Locate the word "yields" in the data below, then copy every line that holds it.

[[ LISTED ENTRIES open ]]

(* Let $(\Omega,\Pi)$ be a set with a possibility measure, let $d\ge1$, and let $X_n$ ($n\ge1$) and $X$ be fuzzy variables on $\Omega$ with values in $\mathbb R^d$. (a) If $X_n\to X$ in measure, then $X_n\to X$ almost surely; if $X_n\to X$ almost surely, then $X_n\to X$ weakly almost surely; if $X_n\to X$ weakly almost surely, then $X_n\to X$ weakly in measure. (b) Suppose each $X_n$ is a compact fuzzy variable and $X\equiv c$ is constant for some $c\in\mathbb R^d$ (so its membership function is the indicator $\mathbf 1_{\{c\}}$). Then $X_n\to X$ in distribution if and only if $X_n\to X$ in measure.
   Context: A fuzzy set in $\Omega$ is a function $\pi:\Omega\to[0,1]$ with $\pi(\omega_0)=1$ for some $\omega_0$; its $\alpha$-cut ($\alpha\in(0,1]$) is $\{\pi\ge\alpha\}$. The possibility measure defined by $\pi$ is $\Pi(B)=\sup_{\omega\in B}\pi(\omega)$ for all $B\subseteq\Omega$ (with $\sup\emptyset=0$). A fuzzy variable with values in $E$ is any map $X:\Omega\to E$; its membership function is the fuzzy set $A_X(y)=\Pi(X^{-1}(y))=\sup\pi(X^{-1}(y))$. $X$ is a compact fuzzy variable if all $\alpha$-cuts of $A_X$, $\alpha\in(0,1]$, are nonempty and compact. $|\cdot|$ is the Euclidean norm. Types of convergence: - almost sure: $\Pi(\{\omega: X_n(\omega)\not\to X(\omega)\})=0$ (the set includes those $\omega$ where the limit does not exist); - weakly almost sure: $\Pi(\{\omega: \lim_n X_n(\omega)=X(\omega)\})=1$; - in measure: for every $\epsilon>0$, $\lim_n\Pi(|X_n-X|\ge\epsilon)=0$; - weakly in measure: for every $\epsilon>0$, $\lim_n\Pi(|X_n-X|\le\epsilon)=1$; - in distribution (for compact fuzzy variables): for every $\alpha\in(0,1]$, the $\alpha$-cuts $A_{X_n}^\alpha$ converge to $A_X^\alpha$ in the Hausdorff metric on nonempty compact subsets of $\mathbb R^d$. *)

From Stdlib Require Vectors.Fin.
From Stdlib Require Import Reals Lra List.
Open Scope R_scope.

Record poss_space (Omega : Type) := {
  pi : Omega -> R;
  pi_range : forall w, 0 <= pi w <= 1;
  pi_norm : exists w0, pi w0 = 1
}.
Arguments pi {Omega} _ _.
Arguments pi_range {Omega} _ _.

(** The set of values {0} ∪ {pi w | w ∈ B}; its sup is Π(B) (sup ∅ = 0). *)
Definition Pi_vals {Omega} (P : poss_space Omega) (B : Omega -> Prop) (x : R) : Prop :=
  x = 0 \/ exists w, B w /\ x = pi P w.

Lemma Pi_vals_bound {Omega} (P : poss_space Omega) B : bound (Pi_vals P B).
Proof.
  exists 1. intros x [->|[w [_ ->]]]; [lra| apply (pi_range P w)].
Qed.

Lemma Pi_vals_ne {Omega} (P : poss_space Omega) B : exists x, Pi_vals P B x.
Proof. exists 0. now left. Qed.

Definition Pi {Omega} (P : poss_space Omega) (B : Omega -> Prop) : R :=
  proj1_sig (completeness (Pi_vals P B) (Pi_vals_bound P B) (Pi_vals_ne P B)).

Definition Vec (d : nat) := Fin.t d -> R.

Fixpoint sum_fin (d : nat) : (Fin.t d -> R) -> R :=
  match d with
  | O => fun _ => 0
  | S n => fun f => f Fin.F1 + sum_fin n (fun i => f (Fin.FS i))
  end.

Definition norm {d} (x : Vec d) : R := sqrt (sum_fin d (fun i => (x i) ^ 2)).
Definition dist {d} (x y : Vec d) : R := norm (fun i => x i - y i).

Definition vconv {d} (u : nat -> Vec d) (l : Vec d) : Prop :=
  forall eps, eps > 0 -> exists N, forall n, (n >= N)%nat -> dist (u n) l < eps.

Definition memb {Omega d} (P : poss_space Omega) (X : Omega -> Vec d) (y : Vec d) : R :=
  Pi P (fun w => X w = y).

Definition alpha_cut {d} (A : Vec d -> R) (alpha : R) (y : Vec d) : Prop := alpha <= A y.

Definition open_set {d} (U : Vec d -> Prop) : Prop :=
  forall x, U x -> exists r, r > 0 /\ forall y, dist x y < r -> U y.

Definition compact_set {d} (K : Vec d -> Prop) : Prop :=
  forall (I : Type) (U : I -> Vec d -> Prop),
    (forall i, open_set (U i)) ->
    (forall x, K x -> exists i, U i x) ->
    exists l : list I, forall x, K x -> exists i, In i l /\ U i x.

Definition compact_fuzzy {Omega d} (P : poss_space Omega) (X : Omega -> Vec d) : Prop :=
  forall alpha, 0 < alpha <= 1 ->
    (exists y, alpha_cut (memb P X) alpha y) /\ compact_set (alpha_cut (memb P X) alpha).

(** Hausdorff distance bound: H(A,B) <= e for compact sets A, B. *)
Definition hausdorff_le {d} (A B : Vec d -> Prop) (e : R) : Prop :=
  (forall a, A a -> exists b, B b /\ dist a b <= e) /\
  (forall b, B b -> exists a, A a /\ dist a b <= e).

Definition hausdorff_conv {d} (A : nat -> Vec d -> Prop) (L : Vec d -> Prop) : Prop :=
  forall e, e > 0 -> exists N, forall n, (n >= N)%nat -> hausdorff_le (A n) L e.

Definition conv_as {Omega d} (P : poss_space Omega) (Xs : nat -> Omega -> Vec d) (X : Omega -> Vec d) :=
  Pi P (fun w => ~ vconv (fun n => Xs n w) (X w)) = 0.

Definition conv_was {Omega d} (P : poss_space Omega) (Xs : nat -> Omega -> Vec d) (X : Omega -> Vec d) :=
  Pi P (fun w => vconv (fun n => Xs n w) (X w)) = 1.

Definition conv_meas {Omega d} (P : poss_space Omega) (Xs : nat -> Omega -> Vec d) (X : Omega -> Vec d) :=
  forall eps, eps > 0 -> Un_cv (fun n => Pi P (fun w => dist (Xs n w) (X w) >= eps)) 0.

Definition conv_wmeas {Omega d} (P : poss_space Omega) (Xs : nat -> Omega -> Vec d) (X : Omega -> Vec d) :=
  forall eps, eps > 0 -> Un_cv (fun n => Pi P (fun w => dist (Xs n w) (X w) <= eps)) 1.

Definition conv_distr {Omega d} (P : poss_space Omega) (Xs : nat -> Omega -> Vec d) (X : Omega -> Vec d) :=
  forall alpha, 0 < alpha <= 1 ->
    hausdorff_conv (fun n => alpha_cut (memb P (Xs n)) alpha) (alpha_cut (memb P X) alpha).

(** A possibility measure Π(B) = sup_{w ∈ B} π(w) is a supremum,
    so every statement about Π reduces to pointwise statements about π:
    Π(B) = 0 means π vanishes on B, Π(B) = 1 holds as soon as B contains a
    point of full possibility, and Π(B) > a yields a point of B with π > a.

    (a) If X_n → X in measure and X_n(w) does not converge, some ε-gap
        recurs infinitely often, so π(w) ≤ Π(|X_n - X| ≥ ε) for infinitely
        many n, forcing π(w) = 0.  Almost sure convergence puts a point of
        possibility 1 in the convergence set.  Weak a.s. convergence yields
        points w of convergence with π(w) arbitrarily close to 1, and each
        such w eventually lies in {|X_n - X| ≤ ε}.
    (b) For the constant X ≡ c every α-cut of A_X is {c}, so Hausdorff
        convergence of the (nonempty) α-cuts of A_{X_n} to it means that the
        α-cuts of A_{X_n} eventually lie in a small ball around c.  This is
        exactly Π(|X_n - c| ≥ ε) < α, by the two comparison lemmas
        [cut_near_of_Pi_small] and [Pi_small_of_cut_near]. *)

From Pilot Require Import Defs.
From Stdlib Require Import Reals Lra Classical.
Open Scope R_scope.

Section PossibilityMeasure.

Variable Omega : Type.
Variable P : poss_space Omega.

Lemma Pi_is_lub (B : Omega -> Prop) : is_lub (Pi_vals P B) (Pi P B).
Proof. unfold Pi. destruct completeness as [x Hx]. exact Hx. Qed.

Lemma Pi_ge_pi (B : Omega -> Prop) w : B w -> pi P w <= Pi P B.
Proof. intros Bw. apply (proj1 (Pi_is_lub B)). right. eauto. Qed.

Lemma Pi_nonneg (B : Omega -> Prop) : 0 <= Pi P B.
Proof. apply (proj1 (Pi_is_lub B)). now left. Qed.

Lemma Pi_least (B : Omega -> Prop) a :
  0 <= a -> (forall w, B w -> pi P w <= a) -> Pi P B <= a.
Proof.
  intros Ha Hb. apply (proj2 (Pi_is_lub B)).
  intros x [->|[w [Bw ->]]]; auto.
Qed.

Lemma Pi_le_1 (B : Omega -> Prop) : Pi P B <= 1.
Proof. apply Pi_least; [lra|]. intros w _. apply (pi_range P w). Qed.

Lemma Pi_monotone (B C : Omega -> Prop) :
  (forall w, B w -> C w) -> Pi P B <= Pi P C.
Proof.
  intros HBC. apply Pi_least; [apply Pi_nonneg|].
  intros w Bw. apply Pi_ge_pi; auto.
Qed.

Lemma Pi_approx (B : Omega -> Prop) a :
  0 <= a -> a < Pi P B -> exists w, B w /\ a < pi P w.
Proof.
  intros Ha Hlt. apply NNPP. intros Hnone.
  assert (Pi P B <= a).
  { apply Pi_least; auto. intros w Bw. apply Rnot_lt_le.
    intros Hw. apply Hnone. eauto. }
  lra.
Qed.

Lemma Pi_eq_1_of_mode (B : Omega -> Prop) w0 :
  pi P w0 = 1 -> B w0 -> Pi P B = 1.
Proof.
  intros Hw0 Bw0. apply Rle_antisym; [apply Pi_le_1|].
  rewrite <- Hw0. now apply Pi_ge_pi.
Qed.

End PossibilityMeasure.

Arguments Pi_ge_pi {Omega} P B w.
Arguments Pi_nonneg {Omega} P B.
Arguments Pi_le_1 {Omega} P B.

Lemma Un_cv_0_nonneg (u : nat -> R) :
  (forall n, 0 <= u n) ->
  (Un_cv u 0 <-> forall e, e > 0 -> exists N, forall n, (n >= N)%nat -> u n < e).
Proof.
  intros Hu. unfold Un_cv, R_dist.
  split; intros H e He; destruct (H e He) as [N HN]; exists N; intros n Hn;
    specialize (HN n Hn); rewrite Rminus_0_r, Rabs_right in * by (apply Rle_ge, Hu);
    exact HN.
Qed.

Lemma Un_cv_1_le_1 (u : nat -> R) :
  (forall n, u n <= 1) ->
  (forall e, e > 0 -> exists N, forall n, (n >= N)%nat -> 1 - e < u n) ->
  Un_cv u 1.
Proof.
  intros Hu H e He. destruct (H e He) as [N HN]. exists N. intros n Hn.
  specialize (HN n Hn). specialize (Hu n). unfold R_dist. apply Rabs_def1; lra.
Qed.

Lemma not_vconv_gap {d} (u : nat -> Vec d) (l : Vec d) :
  ~ vconv u l ->
  exists eps, eps > 0 /\ forall N, exists n, (n >= N)%nat /\ Defs.dist (u n) l >= eps.
Proof.
  intros Hdiv. apply NNPP. intros Hnogap. apply Hdiv. intros eps Heps.
  apply NNPP. intros Hnot. apply Hnogap. exists eps. split; [exact Heps|].
  intros N. apply NNPP. intros HN. apply Hnot. exists N. intros n Hn.
  apply Rnot_le_lt. intros Hle. apply HN. exists n. split; [exact Hn | lra].
Qed.

Section GeneralModes.

Variables (Omega : Type) (P : poss_space Omega) (d : nat).
Variables (Xs : nat -> Omega -> Vec d) (X : Omega -> Vec d).

Lemma conv_meas_eventually :
  conv_meas P Xs X <->
  forall eps e, eps > 0 -> e > 0 -> exists N, forall n, (n >= N)%nat ->
    Pi P (fun w => Defs.dist (Xs n w) (X w) >= eps) < e.
Proof.
  split.
  - intros Hm eps e Heps He.
    exact (proj1 (Un_cv_0_nonneg _ (fun n => Pi_nonneg P _)) (Hm eps Heps) e He).
  - intros Hm eps Heps.
    apply (Un_cv_0_nonneg _ (fun n => Pi_nonneg P _)). intros e He. now apply Hm.
Qed.

Lemma meas_implies_as : conv_meas P Xs X -> conv_as P Xs X.
Proof.
  intros Hm. unfold conv_as. apply Rle_antisym; [|apply Pi_nonneg].
  apply Pi_least; [lra|]. intros w Hdiv. apply Rnot_lt_le. intros Hpos.
  destruct (not_vconv_gap _ _ Hdiv) as [eps [Heps Hgap]].
  destruct (proj1 conv_meas_eventually Hm eps (pi P w) Heps Hpos) as [N HN].
  destruct (Hgap N) as [n [Hn Hfar]].
  pose proof (Pi_ge_pi P (fun w0 => Defs.dist (Xs n w0) (X w0) >= eps) w Hfar).
  specialize (HN n Hn). lra.
Qed.

Lemma as_implies_was : conv_as P Xs X -> conv_was P Xs X.
Proof.
  intros Has. destruct (pi_norm _ P) as [w0 Hw0].
  apply (Pi_eq_1_of_mode _ P _ w0 Hw0). apply NNPP. intros Hdiv.
  pose proof (Pi_ge_pi P (fun w => ~ vconv (fun n => Xs n w) (X w)) w0 Hdiv).
  unfold conv_as in Has. lra.
Qed.

Lemma was_implies_wmeas : conv_was P Xs X -> conv_wmeas P Xs X.
Proof.
  intros Hw eps Heps. apply Un_cv_1_le_1; [intros n; apply Pi_le_1|].
  intros e He.
  assert (Hlow : Rmax 0 (1 - e) < Pi P (fun w => vconv (fun n => Xs n w) (X w))).
  { unfold conv_was in Hw. rewrite Hw. apply Rmax_lub_lt; lra. }
  destruct (Pi_approx _ P _ _ (Rmax_l 0 (1 - e)) Hlow) as [w [Hconv Hpw]].
  destruct (Hconv eps Heps) as [N HN]. exists N. intros n Hn.
  assert (Hclose : Defs.dist (Xs n w) (X w) <= eps) by (left; apply HN; exact Hn).
  pose proof (Pi_ge_pi P (fun w0 => Defs.dist (Xs n w0) (X w0) <= eps) w Hclose).
  pose proof (Rmax_r 0 (1 - e)). lra.
Qed.

End GeneralModes.

Section ConstantLimit.

Variables (Omega : Type) (P : poss_space Omega) (d : nat).

Lemma alpha_cut_const (c y : Vec d) alpha :
  0 < alpha <= 1 -> alpha_cut (memb P (fun _ : Omega => c)) alpha y <-> y = c.
Proof.
  intros Ha. unfold alpha_cut, memb. split.
  - intros Hcut. apply NNPP. intros Hne.
    assert (Pi P (fun _ : Omega => c = y) <= 0).
    { apply Pi_least; [lra|]. intros w Hw. exfalso. auto. }
    lra.
  - intros ->. destruct (pi_norm _ P) as [w0 Hw0].
    rewrite (Pi_eq_1_of_mode _ P (fun _ : Omega => c = c) w0 Hw0 eq_refl). lra.
Qed.

Lemma hausdorff_le_singleton (A L : Vec d -> Prop) (c : Vec d) e :
  (forall y, L y <-> y = c) -> (exists a, A a) ->
  (hausdorff_le A L e <-> forall a, A a -> Defs.dist a c <= e).
Proof.
  intros HL [a0 Ha0]. split.
  - intros [Hnear _] a Ha. destruct (Hnear a Ha) as [b [Lb Hab]].
    apply HL in Lb. now subst b.
  - intros Hnear. split.
    + intros a Ha. exists c. split; [now apply HL | now apply Hnear].
    + intros b Lb. apply HL in Lb. subst b. exists a0. split; auto.
Qed.

Variable Y : Omega -> Vec d.

Lemma cut_near_of_Pi_small (c : Vec d) eps alpha :
  Pi P (fun w => Defs.dist (Y w) c >= eps) < alpha ->
  forall a, alpha_cut (memb P Y) alpha a -> Defs.dist a c < eps.
Proof.
  intros Hsmall a Hcut. apply Rnot_le_lt. intros Hfar.
  assert (Pi P (fun w => Y w = a) <= Pi P (fun w => Defs.dist (Y w) c >= eps)).
  { apply Pi_monotone. intros w ->. lra. }
  unfold alpha_cut, memb in Hcut. lra.
Qed.

Lemma Pi_small_of_cut_near (c : Vec d) eps alpha :
  0 <= alpha ->
  (forall a, alpha_cut (memb P Y) alpha a -> Defs.dist a c < eps) ->
  Pi P (fun w => Defs.dist (Y w) c >= eps) <= alpha.
Proof.
  intros Ha Hnear. apply Pi_least; [exact Ha|]. intros w Hfar.
  apply Rnot_lt_le. intros Hw.
  assert (Hcut : alpha_cut (memb P Y) alpha (Y w)).
  { unfold alpha_cut, memb.
    pose proof (Pi_ge_pi P (fun w0 => Y w0 = Y w) w eq_refl). lra. }
  specialize (Hnear _ Hcut). lra.
Qed.

End ConstantLimit.

Section DistributionToConstant.

Variables (Omega : Type) (P : poss_space Omega) (d : nat).
Variables (Xs : nat -> Omega -> Vec d) (c : Vec d).

Lemma distr_implies_meas_const :
  conv_distr P Xs (fun _ => c) -> conv_meas P Xs (fun _ => c).
Proof.
  intros Hdist. apply conv_meas_eventually. intros eps e Heps He.
  set (alpha := Rmin (e / 2) 1).
  assert (Ha : 0 < alpha <= 1).
  { split; [apply Rmin_glb_lt; lra | apply Rmin_r]. }
  assert (Hae : alpha < e) by (pose proof (Rmin_l (e / 2) 1); unfold alpha; lra).
  destruct (Hdist alpha Ha (eps / 2) ltac:(lra)) as [N HN].
  exists N. intros n Hn. destruct (HN n Hn) as [Hnear _].
  enough (Pi P (fun w => Defs.dist (Xs n w) c >= eps) <= alpha) by lra.
  apply Pi_small_of_cut_near; [lra|]. intros a Ha_cut.
  destruct (Hnear a Ha_cut) as [b [Hb Hab]].
  apply (alpha_cut_const _ P) in Hb; [subst b; lra | exact Ha].
Qed.

(** This direction uses that the α-cuts of each A_{X_n} are nonempty. *)
Lemma meas_implies_distr_const :
  (forall n, compact_fuzzy P (Xs n)) ->
  conv_meas P Xs (fun _ => c) -> conv_distr P Xs (fun _ => c).
Proof.
  intros Hcomp Hm alpha Ha e He.
  destruct (proj1 (conv_meas_eventually _ P _ Xs _) Hm e alpha He (proj1 Ha)) as [N HN].
  exists N. intros n Hn.
  apply (hausdorff_le_singleton d _ _ c).
  - intros y. now apply alpha_cut_const.
  - exact (proj1 (Hcomp n alpha Ha)).
  - intros a Ha_cut. left. exact (cut_near_of_Pi_small _ P _ _ c e alpha (HN n Hn) a Ha_cut).
Qed.

End DistributionToConstant.

Theorem mainTheorem2 (Omega : Type) (P : poss_space Omega) (d : nat) (Hd : (1 <= d)%nat)
  (Xs : nat -> Omega -> Vec d) (X : Omega -> Vec d) :
  ((conv_meas P Xs X -> conv_as P Xs X) /\
   (conv_as P Xs X -> conv_was P Xs X) /\
   (conv_was P Xs X -> conv_wmeas P Xs X)) /\
  ((forall n, compact_fuzzy P (Xs n)) ->
   forall c : Vec d, X = (fun _ => c) ->
   (conv_distr P Xs X <-> conv_meas P Xs X)).
Proof.
  split.
  - split; [|split].
    + apply meas_implies_as.
    + apply as_implies_was.
    + apply was_implies_wmeas.
  - intros Hcomp c ->. split.
    + apply distr_implies_meas_const.
    + now apply meas_implies_distr_const.
Qed.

[[ LISTED ENTRIES closed ]]

_EXERCISE OUTPUT_
    point of full possibility, and Π(B) > a yields a point of B with π > a.
        possibility 1 in the convergence set.  Weak a.s. convergence yields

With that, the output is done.